Boxplot is a standardized way of displaying the distribution of data based on a five number summary (“minimum”, first quartile (Q1), median, third quartile (Q3), and “maximum”).
https://towardsdatascience.com/understanding-boxplots-5e2df7bcbd51

By using this type of plot, we will be able to analyze each particular state using those five numbers, and compare one to another.

#Load Datasets for states
setwd("C:/Users/gru_e/OneDrive/Desktop/DATA110/FinalProject")

State_trips <- read.csv("State_trips.csv")
names(State_trips)<-tolower(names(State_trips)) 
State_trips$date <- as.Date(State_trips$date)

State_trips$number.of.trips <- gsub(",","", State_trips$number.of.trips)
State_trips$number.of.trips <- as.numeric(State_trips$number.of.trips)
#str(State_trips)

 #head(State_trips)
 
#Make trips in millions
State_trips1 <- State_trips %>%
 mutate(
    tripsinmillion = number.of.trips/1000000)
# A boxplot.
stg <- ggplot(State_trips1, aes(x=as.factor(state.postal.code), y=tripsinmillion, fill=state.postal.code)) + 
    geom_boxplot(alpha=0.8) + 
   ylab("Trips (in million)")+
  scale_fill_viridis(discrete = TRUE) +
    theme(legend.position="none") + 
  
    ggtitle("Travels by State from Jan 2019 to Nov 2021") +
    xlab("State Postal Code") +
  theme(axis.text.x = element_text(angle = -45, hjust=1, size=5)) 

 
 ggplotly(stg)

California seems to be the outstanding state along with New York City and Texas. The minimum travels of California(55.26 million) seem to be more than most maximum travels of most states(about 40 states).

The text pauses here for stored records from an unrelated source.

(* Assume $\alpha>\beta+1$, $\beta\ge0$, $\theta>0$, and $\alpha-\beta-1\ge4\theta(\beta+1)$. Let $\rho\in\mathbb R$, let $u(\cdot,\rho)$ be the solution on $[0,\infty)$ of $L(u)+e^{u}=0$, $u(0)=\rho$, $u'(0)=0$, and let $u^*(r)=\ln\{\theta^{\beta+1}(\alpha-\beta-1)\}-\theta\ln r$. Then $u(r,\rho)\neq u^*(r)$ for all $r>0$.
   Context: $L(u)(r)=r^{-\gamma}(r^{\alpha}|u'(r)|^{\beta}u'(r))'$ and $\theta=\gamma+2+\beta-\alpha$. For the $k$-Hessian ($\alpha=d-k$, $\beta=k-1$, $\gamma=d-1$) the condition reads $d\ge 2k+8k^2$. *)

From Stdlib Require Import Reals.
From Coquelicot Require Import Coquelicot.
Open Scope R_scope.

(* |p|^b * p, with the value 0 at p = 0 (the correct value for b >= 0). *)
Definition signed_pow (b p : R) : R :=
  if Req_EM_T p 0 then 0 else Rpower (Rabs p) b * p.

Definition theta (a b g : R) : R := g + 2 + b - a.

(* Classical solution on [0,oo) of
     r^{-g} (r^a |u'|^b u')' + e^u = 0,  u(0) = rho,  u'(0) = 0
   (u'(0) is the right derivative at 0; the flux r^a |u'|^b u' is
   differentiable on (0,oo) with derivative -r^g e^{u}). *)
Definition is_solution (a b g rho : R) (u : R -> R) : Prop :=
  u 0 = rho /\
  filterlim (fun h => (u h - u 0) / h) (at_right 0) (locally 0) /\
  (forall r, 0 < r -> ex_derive u r) /\
  (forall r, 0 < r ->
     is_derive (fun s => Rpower s a * signed_pow b (Derive u s)) r
               (- (Rpower r g * exp (u r)))).

Definition u_star (a b g r : R) : R :=
  ln (Rpower (theta a b g) (b + 1) * (a - b - 1)) - theta a b g * ln r.

(* Write m = a-b-1, k = b+1 and let  Phi = -r^a |u'|^b u'  be the flux, so
   that Phi' = r^g e^u.  The flux of u* is th^k r^m, and we compare u with
   u* through the gap  W = u - u*  and the barrier
       H = Phi - th^k r^m e^{2W}.
   1. Phi > 0 on (0,oo): otherwise Phi <= -c < 0 near 0, which forces
      u' >= kappa > 0 near 0, against u'(0) = 0.  Hence u' < 0.
   2. Where W <= 0 and H >= 0 we have H' >= 0 (this is where 4 th <= m is
      used), and where W = 0 and H > 0 we have W' < 0.
   3. Near 0, W < 0 (since u* -> +oo) and H > 0 (Phi(r) ~ r^{th+m} dominates
      th^k r^m e^{2W} ~ r^{m+2 th}).
   If W(T) = 0, let s0 be the first zero of W after a point del of step 3.
   By step 2, H stays positive on [del,s0], so W'(s0) < 0; but W < 0 just
   before s0 and W(s0) = 0, a contradiction. *)

From Stdlib Require Import Reals Lra Psatz.
From Coquelicot Require Import Coquelicot.
Open Scope R_scope.

Lemma exp_le_exp_iff (x y : R) : exp x <= exp y <-> x <= y.
Proof.
  split; intros H.
  - destruct (Rle_lt_dec x y) as [Hle | Hlt]; [exact Hle |].
    apply exp_increasing in Hlt; lra.
  - destruct H as [Hlt | ->]; [left; apply exp_increasing; exact Hlt | right; reflexivity].
Qed.

Lemma continuity_pt_eps (f : R -> R) (x : R) : continuity_pt f x ->
  forall eps, 0 < eps ->
  exists d, 0 < d /\ forall y, Rabs (y - x) < d -> Rabs (f y - f x) < eps.
Proof.
  intros Hc eps Heps.
  destruct (Hc eps Heps) as [d [Hd Hnear]].
  exists d; split; [exact Hd |]. intros y Hyx.
  destruct (Req_dec y x) as [-> | Hne].
  - rewrite Rminus_eq_0, Rabs_R0; exact Heps.
  - apply Hnear; split; [split; [exact I | auto] | exact Hyx].
Qed.

Lemma is_derive_continuity_pt (f : R -> R) (x l : R) :
  is_derive f x l -> continuity_pt f x.
Proof.
  intros Df. apply derivable_continuous_pt. exists l. apply is_derive_Reals, Df.
Qed.

Lemma right_increments_small (u : R -> R) :
  filterlim (fun h => (u h - u 0) / h) (at_right 0) (locally 0) ->
  forall eps, 0 < eps ->
  exists d, 0 < d /\ forall h, 0 < h < d -> Rabs (u h - u 0) < eps * h.
Proof.
  intros Hlim eps Heps.
  apply filterlim_locally with (eps := mkposreal eps Heps) in Hlim.
  destruct Hlim as [d Hd]. exists d. split; [apply cond_pos |].
  intros h [Hh0 Hhd].
  assert (Hball : ball 0 d h).
  { unfold ball; simpl; unfold AbsRing_ball, abs, minus, plus, opp; simpl.
    rewrite Ropp_0, Rplus_0_r, Rabs_right; lra. }
  specialize (Hd h Hball Hh0). revert Hd.
  unfold ball; simpl; unfold AbsRing_ball, abs, minus, plus, opp; simpl.
  rewrite Ropp_0, Rplus_0_r. intros Hq.
  replace (u h - u 0) with ((u h - u 0) / h * h) by (field; lra).
  rewrite Rabs_mult, (Rabs_right h) by lra.
  apply Rmult_lt_compat_r; lra.
Qed.

Lemma no_uniform_slope_floor (u u' : R -> R) (r kap : R) :
  filterlim (fun h => (u h - u 0) / h) (at_right 0) (locally 0) ->
  0 < r -> 0 < kap ->
  (forall s, 0 < s <= r -> is_derive u s (u' s)) ->
  (forall s, 0 < s <= r -> kap <= u' s) -> False.
Proof.
  intros Hlim Hr Hkap Du Hfloor.
  destruct (right_increments_small u Hlim (kap / 4)) as [d [Hd Hinc]]; [lra |].
  set (h := Rmin (d / 2) r).
  assert (Hh : 0 < h /\ h <= d / 2 /\ h <= r).
  { split; [apply Rmin_pos; lra | split; [apply Rmin_l | apply Rmin_r]]. }
  destruct (MVT_cor2 u u' (h / 2) h) as [xi [Hmvt Hxi]]; [lra | |].
  { intros c Hc. apply is_derive_Reals, Du. lra. }
  pose proof (Hfloor xi ltac:(lra)) as Hslope.
  pose proof (Rabs_def2 _ _ (Hinc h ltac:(lra))) as Hfull.
  pose proof (Rabs_def2 _ _ (Hinc (h / 2) ltac:(lra))) as Hhalf.
  nra.
Qed.

Lemma larger_value_on_left (f : R -> R) (x l d : R) :
  is_derive f x l -> l < 0 -> 0 < d -> exists y, x - d < y < x /\ f x < f y.
Proof.
  intros Df Hl Hd. apply is_derive_Reals in Df.
  destruct (Df (- l / 2) ltac:(lra)) as [del Hdel].
  pose proof (cond_pos del) as Hdel0.
  assert (Hmin : 0 < Rmin del d /\ Rmin del d <= del /\ Rmin del d <= d).
  { split; [apply Rmin_pos; lra | split; [apply Rmin_l | apply Rmin_r]]. }
  set (h := - Rmin del d / 2).
  assert (Habs : Rabs h < del) by (unfold h; rewrite Rabs_left; lra).
  specialize (Hdel h ltac:(unfold h; lra) Habs).
  apply Rabs_def2 in Hdel.
  exists (x + h). split; [unfold h; lra |].
  set (q := (f (x + h) - f x) / h) in *.
  assert (Hinc : f (x + h) - f x = q * h) by (unfold q; field; unfold h; lra).
  assert (Hneg : h < 0) by (unfold h; lra).
  nra.
Qed.

Lemma first_zero (f : R -> R) (x0 x1 : R) :
  x0 < x1 -> (forall x, x0 <= x <= x1 -> continuity_pt f x) ->
  f x0 < 0 -> 0 <= f x1 ->
  exists s, x0 < s <= x1 /\ f s = 0 /\ forall y, x0 <= y < s -> f y < 0.
Proof.
  intros H01 Hc H0 H1.
  set (E := fun x => x0 <= x <= x1 /\ forall y, x0 <= y <= x -> f y < 0).
  assert (HE0 : E x0).
  { split; [lra |]. intros y Hy. replace y with x0 by lra. exact H0. }
  destruct (completeness E) as [s [Hub Hleast]].
  { exists x1. intros x [Hx _]. lra. }
  { exists x0. exact HE0. }
  assert (Hs0 : x0 <= s) by (apply Hub, HE0).
  assert (Hs1 : s <= x1) by (apply Hleast; intros x [Hx _]; lra).
  assert (Hbefore : forall y, x0 <= y < s -> f y < 0).
  { intros y Hy. destruct (Rlt_or_le (f y) 0) as [Hneg | Hnn]; [exact Hneg | exfalso].
    assert (Hbound : is_upper_bound E y).
    { intros x [_ Hx]. destruct (Rle_or_lt x y) as [Hxy | Hyx]; [exact Hxy |].
      pose proof (Hx y ltac:(lra)). lra. }
    apply Hleast in Hbound. lra. }
  (* if f s < 0, continuity pushes E beyond s *)
  assert (Hnonneg : 0 <= f s).
  { destruct (Rlt_or_le (f s) 0) as [Hneg | Hnn]; [exfalso | exact Hnn].
    assert (Hsx1 : s < x1) by (destruct (Req_dec s x1) as [-> | ]; lra).
    destruct (continuity_pt_eps f s (Hc s ltac:(lra)) (- f s) ltac:(lra))
      as [d [Hd Hnear]].
    set (x := Rmin (s + d / 2) x1).
    assert (Hx : s < x /\ x <= s + d / 2 /\ x <= x1).
    { split; [apply Rmin_glb_lt; lra | split; [apply Rmin_l | apply Rmin_r]]. }
    assert (HEx : E x).
    { split; [lra |]. intros y Hy.
      destruct (Rlt_or_le y s) as [Hys | Hsy]; [apply Hbefore; lra |].
      assert (Hys : Rabs (y - s) < d) by (rewrite Rabs_right; lra).
      pose proof (Rabs_def2 _ _ (Hnear y Hys)). lra. }
    apply Hub in HEx. lra. }
  assert (Hs0' : x0 < s) by (destruct (Req_dec x0 s) as [<- | ]; lra).
  (* if f s > 0, continuity contradicts negativity just before s *)
  assert (Hnonpos : f s <= 0).
  { destruct (Rle_or_lt (f s) 0) as [Hnp | Hpos]; [exact Hnp | exfalso].
    destruct (continuity_pt_eps f s (Hc s ltac:(lra)) (f s) Hpos) as [d [Hd Hnear]].
    set (y := Rmax x0 (s - d / 2)).
    assert (Hy : x0 <= y /\ s - d / 2 <= y /\ y < s).
    { split; [apply Rmax_l | split; [apply Rmax_r | apply Rmax_lub_lt; lra]]. }
    assert (Hys : Rabs (y - s) < d) by (rewrite Rabs_left; lra).
    pose proof (Rabs_def2 _ _ (Hnear y Hys)).
    pose proof (Hbefore y ltac:(lra)). lra. }
  exists s. split; [lra | split; [lra | exact Hbefore]].
Qed.

Lemma positivity_persists (f f' : R -> R) (x0 x1 : R) :
  (forall s, x0 <= s <= x1 -> is_derive f s (f' s)) ->
  (forall s, x0 <= s <= x1 -> 0 <= f s -> 0 <= f' s) ->
  0 < f x0 -> forall t, x0 <= t <= x1 -> 0 < f t.
Proof.
  intros Df Hslope H0 t Ht.
  destruct (Rlt_or_le 0 (f t)) as [Hpos | Hnp]; [exact Hpos | exfalso].
  assert (Hx0t : x0 < t) by (destruct (Req_dec x0 t) as [<- | ]; lra).
  destruct (first_zero (fun x => - f x) x0 t) as [t1 [Ht1 [Hzero Hbefore]]];
    [lra | | lra | lra |].
  { intros x Hx. apply continuity_pt_opp.
    apply (is_derive_continuity_pt _ _ (f' x)), Df. lra. }
  destruct (MVT_cor2 f f' x0 t1) as [c [Hmvt Hc]]; [lra | |].
  { intros c Hc. apply is_derive_Reals, Df. lra. }
  pose proof (Hbefore c ltac:(lra)) as Hfc.
  pose proof (Hslope c ltac:(lra) ltac:(lra)) as Hf'c.
  nra.
Qed.

Lemma neg_flux_cases (a b r x : R) : 0 < r ->
  (x = 0 /\ - (Rpower r a * signed_pow b x) = 0) \/
  (x < 0 /\ - (Rpower r a * signed_pow b x) = exp (a * ln r + (b + 1) * ln (- x))) \/
  (0 < x /\ - (Rpower r a * signed_pow b x) = - exp (a * ln r + (b + 1) * ln x)).
Proof.
  intros Hr. unfold signed_pow, Rpower.
  destruct (Req_EM_T x 0) as [Hx | Hx].
  - left. split; [exact Hx | ring].
  - destruct (Rlt_dec x 0) as [Hneg | Hneg].
    + right; left. split; [exact Hneg |]. rewrite Rabs_left by exact Hneg.
      replace (a * ln r + (b + 1) * ln (- x)) with (a * ln r + (b * ln (- x) + ln (- x)))
        by ring.
      rewrite !exp_plus, (exp_ln (- x)) by lra. ring.
    + right; right. split; [lra |]. rewrite Rabs_right by lra.
      replace (a * ln r + (b + 1) * ln x) with (a * ln r + (b * ln x + ln x)) by ring.
      rewrite !exp_plus, exp_ln by lra. ring.
Qed.

Lemma slope_floor_from_flux (a b r1 c0 r x : R) :
  0 < a -> 0 <= b -> 0 < c0 -> 0 < r <= r1 ->
  - (Rpower r a * signed_pow b x) <= - c0 ->
  exp ((ln c0 - a * ln r1) / (b + 1)) <= x.
Proof.
  intros Ha Hb Hc0 Hr Hflux.
  destruct (neg_flux_cases a b r x ltac:(lra)) as [[_ E] | [[_ E] | [Hx E]]];
    rewrite E in Hflux.
  - lra.
  - pose proof (exp_pos (a * ln r + (b + 1) * ln (- x))). lra.
  - assert (Hlog : ln c0 <= a * ln r + (b + 1) * ln x).
    { apply exp_le_exp_iff. rewrite exp_ln by lra. lra. }
    assert (Hlnr : ln r <= ln r1) by (apply ln_le; lra).
    rewrite <- (exp_ln x) by exact Hx. apply exp_le_exp_iff.
    apply (Rmult_le_reg_r (b + 1)); [lra |].
    replace ((ln c0 - a * ln r1) / (b + 1) * (b + 1)) with (ln c0 - a * ln r1)
      by (field; lra).
    nra.
Qed.

(* Algebraic core of the monotonicity of the barrier: for 0 < E <= 1 and
   th E^2 <= p, the quantity m - E (m + 2 th - 2 p) is nonnegative once
   4 th <= m, since it is at least (1 - E) (m - 2 th E (1 + E)). *)
Lemma barrier_slope_factor_nonneg (m th E p : R) :
  0 < E <= 1 -> 0 < th -> 4 * th <= m -> th * (E * E) <= p ->
  0 <= m - E * (m + 2 * th - 2 * p).
Proof.
  intros HE Hth Hm Hp.
  assert (Hfactor : 0 <= (1 - E) * (m - 2 * th * E - 2 * th * E * E)).
  { apply Rmult_le_pos; [lra |].
    assert (th * E <= th) by nra. assert (th * E * E <= th * E) by nra. nra. }
  assert (0 <= 2 * E * (p - th * (E * E))) by (apply Rmult_le_pos; lra).
  nra.
Qed.

Lemma small_point_with_small_log (d L : R) :
  0 < d -> exists s, 0 < s < d /\ ln s < L.
Proof.
  intros Hd. set (Z := Rmin L (ln d) - 1).
  assert (HZ : Z < L /\ Z < ln d) by (unfold Z; pose proof (Rmin_l L (ln d));
    pose proof (Rmin_r L (ln d)); lra).
  exists (exp Z). split; [split; [apply exp_pos |] | rewrite ln_exp; lra].
  rewrite <- (exp_ln d) by exact Hd. apply exp_increasing; lra.
Qed.

Section RadialSolution.

Variables (a b g rho : R) (u : R -> R).
Hypothesis Hsol : is_solution a b g rho u.

Local Notation th := (theta a b g).
Local Notation m := (a - b - 1).
Local Notation k := (b + 1).

Definition flux (s : R) : R := - (Rpower s a * signed_pow b (Derive u s)).

Lemma u_deriv (s : R) : 0 < s -> is_derive u s (Derive u s).
Proof.
  intros Hs. destruct Hsol as [_ [_ [Hex _]]]. apply Derive_correct, Hex, Hs.
Qed.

We will pick multiple states that we are interested in comparing, including Washington D.C and Maryland.

State_trips2 <- State_trips1 %>%
 filter(state.postal.code == "DC" | state.postal.code == "CA" | state.postal.code == "MD" | state.postal.code == "MA" | state.postal.code == "FL" | state.postal.code == "NY" | state.postal.code == "WA"| state.postal.code == "TX") 
  #arrange(mean(tripsinmillion))



#State_trips2
# A boxplot.
stg2 <- ggplot(State_trips2, aes(x=as.factor(state.postal.code), y=tripsinmillion, fill=state.postal.code)) + 
    geom_boxplot(alpha=0.8) + 
   ylab("Trips (in million)")+
  scale_fill_viridis(discrete = TRUE) +
  geom_jitter(color="black", size=0.1, alpha=0.2) +
    theme(legend.position="none") + 
  
    ggtitle("Travels by Particular States from Jan 2019 to Nov 2021") +
    xlab("State Postal Code") +
  theme(axis.text.x = element_text(angle = -45, hjust=1, size=5)) 

 
 ggplotly(stg2)

In conclusion, people were traveling even though at one point most states had sheltered in place or stay home order. Surprisingly, many people travel over 5-10 trips during this time. At the end of my visualization, California was the destination people traveled to the most, which kind of surprised me when I thought people would have traveled to Florida or New York city more. The number of travels of states such as California indicates the fluctuation throughout 2019 to almost 2022. When some other states, such as Maine, Maryland, and Washington state seem to be very stable. I wonder what makes this state such a popular state to travel to?

Lastly, I wish I had more time, I would love to get this information mapping and visualize it with GIS.